Cara Membentuk Keluarga Islami
Jenis-Jenis Rumah Tangga
Pada tadzkirah pekan kemudian telah disampaikan pengantar mengenai pernikahan ditinjau oleh sudut pandang Islam. Sebelum kita meminta "mediator" untuk mencarikan pasangan hidup kita, cobalah kita renungkan pertanyaan berikut: Rumah tangga macam apa yang akan kita bangun? Di bawah ini ada beberapa referensi rumah tangga yang ada di sekitar kita (bisa ditambahkan lagi dan silakan dipilih mana yang cocok) :
1.) Rumah Tangga Bisnis
Pada awal dibinanya rumah tangga ini telah dihitung-hitung berapa laba bahan yang akan diperoleh, kalau saya menikah dengan si fulan, berapa tabunganku akan bertambah ketika menikah dan sesudah menikah.

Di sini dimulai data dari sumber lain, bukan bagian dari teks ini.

(* Let $\mathscr{V}$ be a braided monoidal category, let $A=(A,\mu_A,\eta_A)$ be a monoid and $B=(B,\mu_B,\eta_B,\delta_B,\varepsilon_B)$ a bimonoid in $\mathscr{V}$, and let $(\gamma,\tau)$ be a twisted right coaction of $B$ on $A$. Define $$z=(\eta_A\otimes 1_B)\bullet\gamma\colon B\otimes A\to A\otimes B,\qquad d=(\eta_A\otimes\delta_B)\bullet\tau\colon B\to A\otimes B\otimes B,\qquad w=\eta_A\circ\varepsilon_B\colon B\to A,$$ where the first dot product is taken in the monoid $A\otimes B$ (with $\eta_A\otimes 1_B\colon B\cong I\otimes B\to A\otimes B$) and the second in the monoid $A\otimes B\otimes B$ (with $B\otimes I\cong B$). Then $(B,d,w,z)$ is a mixed opwreath around the monoid $A$ in $\mathscr{V}$.
   Context: Associativity and unit constraints of $\mathscr{V}$ are suppressed; $c$ denotes the braiding. For monoids $M,N$, $M\otimes N$ is a monoid with multiplication $(\mu_M\otimes\mu_N)\circ(1_M\otimes c_{N,M}\otimes 1_N)$ and unit $\eta_M\otimes\eta_N$. A bimonoid $B$ is a monoid and comonoid $(B,\delta_B,\varepsilon_B)$ such that $\delta_B\colon B\to B\otimes B$ and $\varepsilon_B\colon B\to I$ are monoid morphisms. For a monoid $M$ and morphisms $u\colon X\to M$, $v\colon Y\to M$, the dot product is $u\bullet v=\mu_M\circ(u\otimes v)\colon X\otimes Y\to M$. A twisted right coaction of the bimonoid $B$ on the monoid $A$ consists of a monoid morphism $\gamma\colon A\to A\otimes B$ and a morphism $\tau\colon I\to A\otimes B\otimes B$ such that: (counitality) $(1_A\otimes\varepsilon_B)\circ\gamma=1_A$; ($\tau$-coassociativity) $\tau\bullet((\gamma\otimes 1_B)\circ\gamma)=((1_A\otimes\delta_B)\circ\gamma)\bullet\tau$ (morphisms $A\to A\otimes B\otimes B$, dot in the monoid $A\otimes B\otimes B$); (2-cocyclicity) $((1_A\otimes\delta_B\otimes 1_B)\circ\tau)\bullet(\tau\otimes\eta_B)=((1_{A\otimes B}\otimes\delta_B)\circ\tau)\bullet((\gamma\otimes 1_{B\otimes B})\circ\tau)$ (morphisms $I\to A\otimes B^{\otimes 3}$, dot in $A\otimes B^{\otimes 3}$); (normality) $(1_{A\otimes B}\otimes\varepsilon_B)\circ\tau=\eta_A\otimes\eta_B=(1_A\otimes\varepsilon_B\otimes 1_B)\circ\tau$. ($\tau$ is not required to be $\bullet$-invertible.) A mixed opwreath around a monoid $A=(A,m,j)$ in $\mathscr{V}$ is a quadruple $(C,d,w,z)$ of an object $C$ and morphisms $d\colon C\to A\otimes C\otimes C$, $w\colon C\to A$, $z\colon C\otimes A\to A\otimes C$ satisfying: (1) $z\circ(1_C\otimes m)=(m\otimes 1_C)\circ(1_A\otimes z)\circ(z\otimes 1_A)$; (2) $z\circ(1_C\otimes j)=j\otimes 1_C$; (3) $m\circ(w\otimes 1_A)=m\circ(1_A\otimes w)\circ z$; (4) $(m\otimes 1_{C\otimes C})\circ(1_A\otimes z\otimes 1_C)\circ(1_{A\otimes C}\otimes z)\circ(d\otimes 1_A)=(m\otimes 1_{C\otimes C})\circ(1_A\otimes d)\circ z$; (5) $(m\otimes 1_{C^{\otimes 3}})\circ(1_A\otimes d\otimes 1_C)\circ d=(m\otimes 1_{C^{\otimes 3}})\circ(1_A\otimes z\otimes 1_{C\otimes C})\circ(1_{A\otimes C}\otimes d)\circ d$; (6) $(m\otimes 1_C)\circ(1_A\otimes w\otimes 1_C)\circ d=j\otimes 1_C$; (7) $(m\otimes 1_C)\circ(1_A\otimes z)\circ(1_{A\otimes C}\otimes w)\circ d=j\otimes 1_C$. *)

(* Convention: n-fold tensor products are bracketed to the RIGHT,
   e.g.  A (x) B (x) B := A (x) (B (x) B). *)

Set Implicit Arguments.
Unset Strict Implicit.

Apa pasanganku nanti sanggup menambah hartaku atau malah akan mengurangi. Dan kalau kami nanti punya anak, berapa anak yang kira-kira sanggup menguntungkan perjuangan yang kami jalankan ketika ini dan seterusnya. Rumah tangga menyerupai ini banyak sekali ditemukan di negara Barat yang hanya berfikir pada materi. Allah telah berfirman:
"Dan sekali-kali bukanlah harta dan bukan (pula) belum dewasa kau yang mendekatkan kau kepada Kami sedikitpun; tetapi orang-orang yang beriman dan mengerjakan amal-amal shalih, merekalah itu yang memperoleh akhir yang berlipatganda disebabkan apa yang telah mereka kerjakan; dan mereka kondusif sentosa di tempat-tempat yang tinggi (dalam surga)." (QS. Saba’: 37)
2.) Rumah Tangga Ala Militer
Yang terdengar dari rumah tangga ini hanya perintah-perintah atau komando-komando layaknya jenderal kepada kopralnya. Bila si kopral tidak melaksanakan atau lalai menjalankan tugas, maka konsekuensinya ialah hukuman, baik berupa umpatan atau bahkan pukulan. Di sini tidak ada suasana dialogis yang mesra, anggota keluarga yang berperan sebagai kopral, selalu merasa tertekan dan takut kalau ada sang jenderal di rumah, dan selalu berdoa dan berharap biar sang jenderal segera berlalu keluar rumah.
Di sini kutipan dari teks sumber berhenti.